▶ Prompt
Make a word-for-word copy of the entries below from their first line through the line with "Rabs (dseg h (fst", and add nothing.

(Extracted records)
Lemma norm1_shift_le phi t A J : Xp phi -> 0 <= t ->
  (forall s, Iv h s -> 0 <= t + s ->
     Rabs (w phi (t + s)) <= A /\ Rabs (v phi (t + s)) <= A /\ Rabs (jx phi (t + s)) <= J) ->
  (forall s, Iv h s -> t + s < 0 ->
     Rabs (fst phi (t + s)) <= A /\ Rabs (snd phi (t + s)) <= A /\
     Rabs (dseg h (fst phi) (t + s)) <= A /\ Rabs (dseg h (snd phi) (t + s)) <= A) ->
  norm1 h (shift (sol phi) t) <= (M + mu + 2) * A + J.
Proof.
  (* derivative bounds: M A for w, J + mu A for v, A for the initial datum *)
  intros Xphi Ht Hsol Hinit.
  destruct (Hsol 0 (Iv_0 h h_pos) ltac:(lra)) as [A0 [_ J0]].
  assert (HA : 0 <= A) by (generalize (Rabs_pos (w phi (t + 0))); lra).
  assert (HJ : 0 <= J) by (generalize (Rabs_pos (jx phi (t + 0))); lra).
  assert (HMA : 0 <= M * A) by (apply Rmult_le_pos; auto using M_ge0).
  assert (HmuA : 0 <= mu * A) by (apply Rmult_le_pos; lra).
  destruct (proj1 Xphi) as [Cp1 [Cp2 _]].
  destruct (sol_shift_inUp phi t Xphi Ht) as [Cx1 [Cx2 _]].
  unfold norm1. replace ((M + mu + 2) * A + J) with (A + (M * A + J + mu * A + A)) by ring.
  apply Rplus_le_compat.
  { apply norm0_shift_le; auto.
    - intros s Hs Hts. destruct (Hsol s Hs Hts) as [? [? ?]]; auto.
    - intros s Hs Hts. destruct (Hinit s Hs Hts) as [? [? ?]]; auto. }
  apply Rmax_lub.
  - apply (sup0_dseg_shift_le h h_pos (w phi) (fst phi)
             (fun tau => q (v phi tau) * w phi tau)); auto.
    + intros s Hs. apply (sol_initial phi s Xphi Hs).
    + intros tau Htau. apply (sol_deriv phi tau Xphi Htau).
    + intros s Hs Hts. destruct (Hsol s Hs ltac:(lra)) as [Hw _].
      generalize (q_w_le phi (t + s) A Xphi ltac:(lra) Hw). lra.
    + intros s Hs Hts. destruct (Hinit s Hs Hts) as [_ [_ [? _]]]. lra.
  - apply (sup0_dseg_shift_le h h_pos (v phi) (snd phi)
             (fun tau => jx phi tau - mu * v phi tau)); auto.
    + intros s Hs. apply (sol_initial phi s Xphi Hs).
    + intros tau Htau. apply (sol_deriv phi tau Xphi Htau).
    + intros s Hs Hts. destruct (Hsol s Hs ltac:(lra)) as [_ [Hv Hj]].
      eapply Rle_trans; [apply Rabs_triang|].
      rewrite Rabs_Ropp, Rabs_mult, (Rabs_pos_eq mu) by lra.
      assert (mu * Rabs (v phi (t + s)) <= mu * A) by (apply Rmult_le_compat_l; lra). lra.
    + intros s Hs Hts. destruct (Hinit s Hs Hts) as [_ [_ [_ ?]]]. lra.
Qed.

Lemma Ccont0_F_of_j : Ccont0_j h j -> Ccont0_F h (Ff q j mu).
Proof.
  intros Hjc eps Heps.
  set (K := M + mu + 1). assert (HK : 0 < K) by (generalize M_ge0; unfold K; lra).
  destruct (Hjc (eps / 2) ltac:(lra)) as [dj [Hdj Kj]].
  set (d := Rmin dj (eps / (2 * K))).
  assert (Hd : 0 < d) by (apply Rmin_pos; auto; apply Rdiv_lt_0_compat; lra).
  assert (HdK : d * K <= eps / 2).
  { apply (Rle_trans _ (eps / (2 * K) * K)); [apply Rmult_le_compat_r; [lra | apply Rmin_r]|].
    right; field; lra. }
  exists d. split; auto. intros p Up Hn.
  destruct (inUp_le_norm h h_pos p 0 Up (Iv_0 h h_pos)) as [A1 [A2 _]].
  assert (Hj := Kj p Up (Rlt_le_trans _ _ _ Hn (Rmin_l _ _))).
  destruct (proj2 (proj2 Up) 0 (Iv_0 h h_pos)) as [P1 P2].
  assert (Hq : Rabs (q (snd p 0)) <= M) by (apply q_bounded; lra).
  generalize M_ge0; intros M0.
  unfold norm2, Ff; simpl. apply Rmax_lub_lt.
  - replace (q (snd p 0) * fst p 0 - q 0 * 0) with (q (snd p 0) * fst p 0) by ring.
    rewrite Rabs_mult.
    assert (Rabs (q (snd p 0)) * Rabs (fst p 0) <= M * d)
      by (apply Rmult_le_compat; try apply Rabs_pos; lra).
    unfold K in HdK. nra.
  - replace (j p - mu * snd p 0 - (j zseg - mu * 0)) with ((j p - j zseg) - mu * snd p 0) by ring.
    eapply Rle_lt_trans; [apply Rabs_triang|].
    rewrite Rabs_Ropp, Rabs_mult, (Rabs_pos_eq mu) by lra.
    assert (mu * Rabs (snd p 0) <= mu * d) by (apply Rmult_le_compat_l; lra).
    unfold K in HdK. nra.
Qed.

Lemma conv0_norm1_of_components phi : Xp phi ->
  is_lim (w phi) p_infty 0 -> is_lim (v phi) p_infty 0 ->
  is_lim (fun t => jx phi t) p_infty 0 -> conv0 (norm1 h) (sol phi).
Proof.
  intros Xphi Hw Hv Hj. rewrite is_lim_p_infty_0_eps in Hw, Hv, Hj.
  unfold conv0. rewrite is_lim_p_infty_0_eps. intros eps Heps.
  set (K := M + mu + 2). assert (HK : 0 < K) by (generalize M_ge0; unfold K; lra).
  set (A := eps / (2 * K)). assert (HA : 0 < A) by (apply Rdiv_lt_0_compat; lra).
  eapply filter_imp; [|apply (window_eventually h), filter_and;
    [apply filter_and; [exact (Hw A HA) | exact (Hv A HA)] | exact (Hj (eps / 4) ltac:(lra))]].
  intros t [Ht Hwin].
  assert (Hn0 := norm0_ge0 h h_pos (shift (sol phi) t)).
  assert (Hn01 := norm0_le_norm1 h h_pos (shift (sol phi) t)).
  rewrite Rabs_pos_eq by lra.
  eapply Rle_lt_trans; [apply (norm1_shift_le phi t A (eps / 4) Xphi Ht)|].
  - intros s Hs _. destruct (Hwin s Hs) as [_ [[? ?] ?]]. repeat split; lra.
  - intros s Hs Hts. destruct (Hwin s Hs). lra.
  - fold K. replace (K * A) with (eps / 2) by (unfold A; field; lra). lra.
Qed.

Section ContinuousAtZero.

Hypothesis j_zseg : j zseg = 0.
Hypothesis j_Ccont0 : Ccont0_j h j.

Lemma j_sol_small eps : 0 < eps -> exists del, 0 < del /\ forall phi t, Xp phi -> 0 <= t ->
  norm0 h (shift (sol phi) t) < del -> Rabs (jx phi t) < eps.
Proof.
  intros Heps. destruct (j_Ccont0 eps Heps) as [d [Hd Kd]]. exists d. split; auto.
  intros phi t Xphi Ht Hn. rewrite <- (Rminus_0_r (jx phi t)), <- j_zseg.
  apply Kd; auto. apply sol_shift_inUp; auto.
Qed.

Lemma conv0_norm1_of_norm0 phi : Xp phi ->
  conv0 (norm0 h) (sol phi) -> conv0 (norm1 h) (sol phi).
Proof.
  intros Xphi Hconv. unfold conv0 in Hconv. rewrite is_lim_p_infty_0_eps in Hconv.
  assert (Hsmall : forall eps, 0 < eps -> Rbar_locally p_infty
            (fun t => 0 <= t /\ norm0 h (shift (sol phi) t) < eps)).
  { intros eps Heps.
    eapply filter_imp; [|apply filter_and; [exact (eventually_ge 0) | exact (Hconv eps Heps)]].
    intros t [Ht Hn]. rewrite Rabs_pos_eq in Hn by (apply norm0_ge0; auto). auto. }
  apply conv0_norm1_of_components; auto; rewrite is_lim_p_infty_0_eps.
  - intros eps Heps. eapply filter_imp; [|exact (Hsmall eps Heps)].
    intros t [Ht Hn]. generalize (proj1 (sol_le_norm0 phi t Xphi Ht)). lra.
  - intros eps Heps. eapply filter_imp; [|exact (Hsmall eps Heps)].
    intros t [Ht Hn]. generalize (proj2 (sol_le_norm0 phi t Xphi Ht)). lra.
  - intros eps Heps. destruct (j_sol_small eps Heps) as [d [Hd Kd]].
    eapply filter_imp; [|exact (Hsmall d Hd)]. intros t [Ht Hn]. auto.
Qed.

Lemma stable_norm1_of_norm0 (E : seg -> Prop) : (forall p, E p -> Xp p) ->
  stable_on (norm0 h) sol E -> stable_on (norm1 h) sol E.
Proof.
  intros HE Hst eps Heps.
  set (K := M + mu + 2). assert (HK : 0 < K) by (generalize M_ge0; unfold K; lra).
  destruct (j_sol_small (eps / 4) ltac:(lra)) as [dj [Hdj Kj]].
  set (eta := Rmin dj (eps / (4 * K))).
  assert (Heta : 0 < eta) by (apply Rmin_pos; auto; apply Rdiv_lt_0_compat; lra).
  assert (HetaK : K * eta <= eps / 4).
  { rewrite Rmult_comm. apply (Rle_trans _ (eps / (4 * K) * K));
      [apply Rmult_le_compat_r; [lra | apply Rmin_r] | right; field; lra]. }
  destruct (Hst eta Heta) as [d0 [Hd0 K0]].
  exists (Rmin d0 eta). split; [apply Rmin_pos; auto|].
  intros phi Ephi Hn t Ht. assert (Xphi := HE phi Ephi).
  assert (Hn0 := norm0_ge0 h h_pos phi). assert (Hn01 := norm0_le_norm1 h h_pos phi).
  assert (Hd0' := Rlt_le_trans _ _ _ Hn (Rmin_l d0 eta)).
  assert (Het := Rlt_le_trans _ _ _ Hn (Rmin_r d0 eta)).
  assert (Hx : forall t', 0 <= t' -> norm0 h (shift (sol phi) t') < eta)
    by (intros; apply K0; auto; lra).
  eapply Rle_lt_trans; [apply (norm1_shift_le phi t eta (eps / 4)); auto|].
  - intros s Hs Hts. destruct (sol_le_norm0 phi (t + s) Xphi Hts) as [A1 A2].
    assert (B := Hx (t + s) Hts). repeat split; try lra.
    apply Rlt_le, Kj; auto. eapply Rlt_le_trans; [exact B | apply Rmin_l].
  - intros s Hs Hts. assert (Iv h (t + s)) by (unfold Iv in *; lra).
    destruct (inUp_le_norm h h_pos phi (t + s) (proj1 Xphi) H) as [A1 [A2 [A3 A4]]].
    repeat split; lra.
  - fold K. lra.
Qed.

End ContinuousAtZero.

Section VanishingWithW.

Hypothesis j_nonneg : forall p, inUp h p -> 0 <= j p.
Hypothesis j_vanishes : vanishes_with_fst h j.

▶ Exercise result
Lemma norm1_shift_le phi t A J : Xp phi -> 0 <= t ->
  (forall s, Iv h s -> 0 <= t + s ->
     Rabs (w phi (t + s)) <= A /\ Rabs (v phi (t + s)) <= A /\ Rabs (jx phi (t + s)) <= J) ->
  (forall s, Iv h s -> t + s < 0 ->
     Rabs (fst phi (t + s)) <= A /\ Rabs (snd phi (t + s)) <= A /\
     Rabs (dseg h (fst phi) (t + s)) <= A /\ Rabs (dseg h (snd phi) (t + s)) <= A) ->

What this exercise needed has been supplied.